What to produce
Copy out exactly the lines below that run from the one holding "(del_rel W) x y." to the one holding "Definition maximal_chip (S", keeping both of those lines and no others.

[Data entries]
(* Let $G$ be a graph, $S\subseteq V(G)$, $k$ an integer, and let $\mathcal{C}$ be the set of all inclusion-wise maximal chips. For $C_1,C_2\in\mathcal{C}$ with $C_1\neq C_2$, $C_1$ touches $C_2$ if and only if $N(C_1) \cap C_2 \neq \emptyset$.
   Context: $N(C)$ is the set of vertices outside $C$ with a neighbour in $C$. For $X,Y\subseteq V(G)$, a set $W$ is an $X-Y$ separator if no connected component of $G\setminus W$ contains both a vertex of $X$ and a vertex of $Y$. $R_H(Z)$ denotes the set of vertices reachable from $Z$ in $H$. An inclusion-wise minimal $X-Y$ separator $W$ is an important $X-Y$ separator if there is no $X-Y$ separator $W'$ with $|W'|\le|W|$ and $R_{G\setminus W}(X\setminus W)\subsetneq R_{G\setminus W'}(X\setminus W')$. For fixed $S$ and $k$, a set $C\subseteq V(G)$ is a chip if $G[C]$ is connected, $|N(C)|\le 3k$, and $N(C)$ is an important $C-S$ separator. Two distinct chips $C_1,C_2\in\mathcal{C}$ touch if $C_1\cap C_2\neq\emptyset$ or there is an edge with one endpoint in $C_1$ and the other in $C_2$. *)

(* A graph is a finite simple undirected graph:
   vertex set a finType T, adjacency a symmetric irreflexive relation e. *)
From mathcomp Require Import all_boot all_order all_algebra.
Set Implicit Arguments. Unset Strict Implicit. Unset Printing Implicit Defensive.
Import GRing.Theory Num.Theory.

Section Graph.
Variables (T : finType) (e : rel T).

Definition nbh (C : {set T}) : {set T} :=
  [set v | (v \notin C) && [exists u in C, e u v]].

Definition del_rel (W : {set T}) : rel T :=
  fun u v => [&& e u v, u \notin W & v \notin W].

Definition ind_rel (C : {set T}) : rel T :=
  fun u v => [&& e u v, u \in C & v \in C].

Definition induced_connected (C : {set T}) : Prop :=
  C != set0 /\ forall u v, u \in C -> v \in C -> connect (ind_rel C) u v.

Definition separator (X Y W : {set T}) : Prop :=
  forall x y, x \in X -> y \in Y -> x \notin W -> y \notin W ->
    ~~ connect (del_rel W) x y.

Definition reach (W Z : {set T}) : {set T} :=
  [set v | (v \notin W) && [exists z in Z :\: W, connect (del_rel W) z v]].

Definition minimal_separator (X Y W : {set T}) : Prop :=
  separator X Y W /\ forall W' : {set T}, W' \proper W -> ~ separator X Y W'.

Definition important_separator (X Y W : {set T}) : Prop :=
  minimal_separator X Y W /\
  ~ (exists W' : {set T}, separator X Y W' /\ #|W'| <= #|W| /\
       reach W (X :\: W) \proper reach W' (X :\: W')).

Definition chip (S : {set T}) (k : int) (C : {set T}) : Prop :=
  induced_connected C /\ (#|nbh C|%:Z <= 3 * k)%R /\
  important_separator C S (nbh C).

Definition maximal_chip (S : {set T}) (k : int) (C : {set T}) : Prop :=
  chip S k C /\ forall C' : {set T}, chip S k C' -> C \subset C' -> C' = C.

Definition touch (C1 C2 : {set T}) : Prop :=
  C1 :&: C2 != set0 \/ exists u v, [/\ u \in C1, v \in C2 & e u v].

End Graph.

From mathcomp Require Import all_boot all_order all_algebra.

(* An edge from u in C1 to v in C2 gives v in N(C1) unless v already lies in
   C1. If C1 and C2 meet but N(C1) misses C2, then a path in G[C2] can never
   leave C1, so by connectivity C2 is contained in C1, contradicting
   maximality of C2. *)

Set Implicit Arguments.
Unset Strict Implicit.
Unset Printing Implicit Defensive.

Lemma connect_exit (T : finType) (r : rel T) (A : {set T}) x y :
  connect r x y -> x \in A -> y \notin A ->
  exists a b, [/\ a \in A, b \notin A & r a b].
Proof.
move/connectP=> [p]; elim: p x => [|z p IH] x /=; first by move=> _ -> ->.
move=> /andP[rxz zp] yl xA yNA; case zA: (z \in A); first exact: IH zp yl zA yNA.
by exists x, z; rewrite zA.
Qed.

Section Touch.
Variables (T : finType) (e : rel T).

Lemma mem_nbh (C : {set T}) u v : u \in C -> v \notin C -> e u v -> v \in nbh e C.
Proof. by move=> uC vNC euv; rewrite inE vNC; apply/existsP; exists u; rewrite uC. Qed.

Lemma induced_connected_sub_nbh0 (C1 C2 : {set T}) :
  induced_connected e C2 -> C1 :&: C2 != set0 -> nbh e C1 :&: C2 = set0 ->
  C2 \subset C1.
Proof.
move=> [_ conn2] /set0Pn[x /setIP[xC1 xC2]] nbh0.
apply/subsetP => y yC2; apply/negPn/negP => yNC1.
have [a [b [aC1 bNC1 /and3P[eab _ bC2]]]] :=
  connect_exit (conn2 x y xC2 yC2) xC1 yNC1.
have : b \in nbh e C1 :&: C2 by rewrite inE bC2 (mem_nbh aC1 bNC1 eab).
by rewrite nbh0 inE.
Qed.

Lemma touch_nbh (C1 C2 : {set T}) :
  induced_connected e C2 -> ~~ (C2 \subset C1) ->
  touch e C1 C2 <-> nbh e C1 :&: C2 != set0.
Proof.
move=> conn2 notsub.
have meet_nbh : C1 :&: C2 != set0 -> nbh e C1 :&: C2 != set0.
  move=> meet; apply/eqP => nbh0.
  by move: notsub; rewrite (induced_connected_sub_nbh0 conn2 meet nbh0).
split.
- case=> [|[u [v [uC1 vC2 euv]]]]; first exact: meet_nbh.
  case vC1: (v \in C1).
    by apply: meet_nbh; apply/set0Pn; exists v; rewrite inE vC1.
  by apply/set0Pn; exists v; rewrite inE vC2 (mem_nbh uC1 _ euv) ?vC1.
- case/set0Pn=> v /setIP[]; rewrite inE => /andP[_ /existsP[u /andP[uC1 euv]]] vC2.
  by right; exists u, v.
Qed.

End Touch.

Theorem lemma3p6 (T : finType) (e : rel T) (e_sym : symmetric e)
  (e_irr : irreflexive e) (S : {set T}) (k : int) (C1 C2 : {set T}) :
  maximal_chip e S k C1 -> maximal_chip e S k C2 -> C1 != C2 ->
  (touch e C1 C2 <-> nbh e C1 :&: C2 != set0).
Proof.
move=> [chip1 _] [[conn2 _] max2] neq.
apply: touch_nbh conn2 _; apply/negP => sub21.
by move: neq; rewrite (max2 C1 chip1 sub21) eqxx.
Qed.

Reply to the exercise
    ~~ connect (del_rel W) x y.

Definition reach (W Z : {set T}) : {set T} :=
  [set v | (v \notin W) && [exists z in Z :\: W, connect (del_rel W) z v]].

Definition minimal_separator (X Y W : {set T}) : Prop :=
  separator X Y W /\ forall W' : {set T}, W' \proper W -> ~ separator X Y W'.

Definition important_separator (X Y W : {set T}) : Prop :=
  minimal_separator X Y W /\
  ~ (exists W' : {set T}, separator X Y W' /\ #|W'| <= #|W| /\
       reach W (X :\: W) \proper reach W' (X :\: W')).

Definition chip (S : {set T}) (k : int) (C : {set T}) : Prop :=
  induced_connected C /\ (#|nbh C|%:Z <= 3 * k)%R /\
  important_separator C S (nbh C).

Definition maximal_chip (S : {set T}) (k : int) (C : {set T}) : Prop :=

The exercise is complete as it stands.